WORK TO BE COMPLETED
Check each line of the entries below for the word "Variables", and copy the lines that have it.

DATA TO PROCESS
Lemma word_has_relation p : exists2 A, in_F (p, A) & prefix_set A.
Proof.
case: p => [[[u v] [w|]] /= pP]; last first.
  have /eqP uv := pP; subst v.
  by exists (~: S1 u); [apply: in_F_1a | constructor 2; exists u].
have /andP[uv wv] := pP.
have [wE | wNv] := eqVneq w v; first subst w.
  by exists (~: S2 u v); [apply: in_F_2b | constructor 3; exists u, v].
rewrite (negbTE wNv) /= in wv.
have vu : v.1 != u.1 by rewrite eq_sym.
have [wE | wNu] := eqVneq w u; first subst w.
  by exists (~: S2 v u); [apply: in_F_3a | constructor 3; exists v, u].
have [wu | uw] := eqVneq w.1 u.1.
  rewrite (eq_inv_letter wu wNu) in pP *.
  by exists (S1 u); [apply: (in_F_4b uv); reflexivity | constructor 1; exists u].
have vw : v.1 != w.1 by rewrite eq_sym.
exists (~: S2 v w); first by apply: (in_F_5a uv vw); rewrite // eq_sym.
by constructor 3; exists v, w.
Qed.

Lemma in_Psi_word4b u v : u.1 != v.1 -> in_Psi (u, v, Some (inv_letter u)).
Proof. by move=> uv; apply/andP; split => //; apply/orP; right. Qed.

Definition word4b u v (uv : u.1 != v.1) : Psi n :=
  exist _ (u, v, Some (inv_letter u)) (in_Psi_word4b uv).

Lemma in_F_word4b u v (uv : u.1 != v.1) : in_F (word4b uv, S1 u).
Proof. by apply: (in_F_4b uv); reflexivity. Qed.

End Relations.

Section FF.
Variables (R : realType) (n : nat) (x : Psi n -> R).

Lemma f_rE r : f_r r x = odds (x r.1) * odds (\sum_(p in r.2) x p).
Proof. by []. Qed.

Lemma FF_ge0 : 0 <= FF x.
Proof. exact: bigmax_ge_id. Qed.

Lemma f_r_le_FF r : in_F r -> f_r r x <= FF x.
Proof. exact: le_bigmax_cond. Qed.

End FF.

(* [1 / (B + 2)] bounds the mass of each S(xi_i^t) away from 0 and 1 and
   [c1 / (c1 + B)] the weight of each word of type 4b; their minimum bounds the
   mass of every Psi_r away from 0 and 1. *)
Definition mass_margin (R : realFieldType) (B : R) : R :=
  let c1 := 1 / (B + 2) in Num.min c1 (c1 / (c1 + B)).

Definition sublevel_margin (R : realFieldType) (B : R) : R :=
  mass_margin B / (mass_margin B + B).

Lemma mass_margin_gt0 (R : realFieldType) (B : R) : 0 <= B -> 0 < mass_margin B.
Proof.
move=> B_ge0; have c1_gt0 : 0 < 1 / (B + 2) by rewrite divr_gt0 // ltr_wpDl.
by rewrite lt_min c1_gt0 divr_gt0 // ltr_wpDr.
Qed.

Lemma sublevel_margin_gt0 (R : realFieldType) (B : R) :
  0 <= B -> 0 < sublevel_margin B.
Proof.
by move=> B_ge0; rewrite divr_gt0 ?ltr_wpDr // mass_margin_gt0.
Qed.

Section Sublevel.
Variables (R : realType) (n : nat) (x : Psi n -> R) (B : R).
Hypotheses (n_gt1 : (1 < n)%N) (x_gt0 : forall p, 0 < x p).
Hypotheses (x_sum1 : \sum_p x p = 1) (FF_le : FF x <= B).

Let mass (A : {set Psi n}) := \sum_(p in A) x p.
Let c1 := 1 / (B + 2).
Let cD := c1 / (c1 + B).

Let B_ge0 : 0 <= B. Proof. exact: le_trans (FF_ge0 x) FF_le. Qed.
Let c1_gt0 : 0 < c1. Proof. by rewrite divr_gt0 // ltr_wpDl. Qed.

Let f_r_le r : in_F r -> odds (x r.1) * odds (mass r.2) <= B.
Proof. by move=> /(f_r_le_FF x); rewrite f_rE => /le_trans; apply. Qed.

Lemma mass_S1_ge u : c1 <= mass (S1 u).
Proof.
have [j uj] := exists_neq_ord u.1 n_gt1.
have uv : u.1 != (j, true).1 by [].
apply: (odds_mul_le_lb_ge (a := x (word4b uv))); rewrite ?mass_le1 //.
  by rewrite /mass le_mass // inE.
exact: f_r_le (in_F_word4b uv).
Qed.

Lemma mass_S1_le u : mass (S1 u) <= 1 - c1.
Proof.
have sub : S1 u \subset ~: S1 (inv_letter u).
  by apply/fintype.subsetP => p; rewrite !inE => /eqP ->; rewrite inv_letter_neq.
have := mass_subset x_gt0 sub; rewrite mass_setC // /mass.
by have := mass_S1_ge (inv_letter u); rewrite /mass; lra.
Qed.

Lemma word4b_ge u v (uv : u.1 != v.1) : cD <= x (word4b uv).
Proof.
apply: (odds_mul_le_lb (b := mass (S1 u))); rewrite ?weight_le1 //.
- exact: lt_le_trans c1_gt0 (mass_S1_ge u).
- exact: mass_S1_le.
- exact: f_r_le (in_F_word4b uv).
Qed.

Lemma mass_S2C_bounds u v : u.1 != v.1 -> c1 <= mass (~: S2 u v) <= 1 - cD.
Proof.
move=> uv; rewrite /mass mass_setC //; apply/andP; split.
  have sub : S1 (inv_letter u) \subset ~: S2 u v.
    apply/fintype.subsetP => p; rewrite !inE; apply: contraTN => /eqP -> /=.
    by rewrite inv_letter_neq.
  have := mass_subset x_gt0 sub; rewrite mass_setC //.
  by have := mass_S1_ge (inv_letter u); rewrite /mass; lra.
have := le_mass x_gt0 (_ : word4b uv \in S2 u v); rewrite inE eqxx => /(_ isT).
by have := word4b_ge uv; lra.
Qed.

Lemma mass_prefix_set_bounds (A : {set Psi n}) :
  prefix_set A -> mass_margin B <= mass A <= 1 - mass_margin B.
Proof.
have c0_le_c1 : mass_margin B <= c1 by rewrite ge_min lexx.
have c0_le_cD : mass_margin B <= cD by rewrite ge_min lexx orbT.
case=> [[u ->] | [u ->] | [u [v [uv ->]]]].
- by have := mass_S1_ge u; have := mass_S1_le u; rewrite /mass => *; apply/andP; lra.
- rewrite /mass mass_setC //.
  by have := mass_S1_ge u; have := mass_S1_le u; rewrite /mass => *; apply/andP; lra.
- by have /andP[] := mass_S2C_bounds uv; rewrite /mass => *; apply/andP; lra.
Qed.

Lemma coord_ge_margin p : sublevel_margin B <= x p.
Proof.
have [A pA A_prefix] := word_has_relation p.
have /andP[A_ge A_le] := mass_prefix_set_bounds A_prefix.
have c0_gt0 := mass_margin_gt0 B_ge0.
apply: (odds_mul_le_lb (b := mass A)); rewrite ?weight_le1 //.
- exact: lt_le_trans c0_gt0 A_ge.
- exact: f_r_le pA.
Qed.

End Sublevel.

Section Continuity.
Variable R : realType.

Lemma odds_continuous_at (T : topologicalType) (h : T -> R) t : h t != 0 ->
  {for t, continuous h} -> {for t, continuous (fun s => odds (h s))}.
Proof.
move=> ht0 h_cont; apply: continuousM; last exact: continuousV.
by apply: continuousB => //; apply: cvg_cst.
Qed.

Lemma sum_continuous (T : finType) (P : pred T) :
  continuous (fun g : T -> R => \sum_(p | P p) g p).
Proof.
apply: continuous_big => [|p _]; first exact: add_continuous.
exact: proj_continuous.
Qed.

Variable n : nat.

FINISHED EXERCISE
Variables (R : realType) (n : nat) (x : Psi n -> R).
Variables (R : realType) (n : nat) (x : Psi n -> R) (B : R).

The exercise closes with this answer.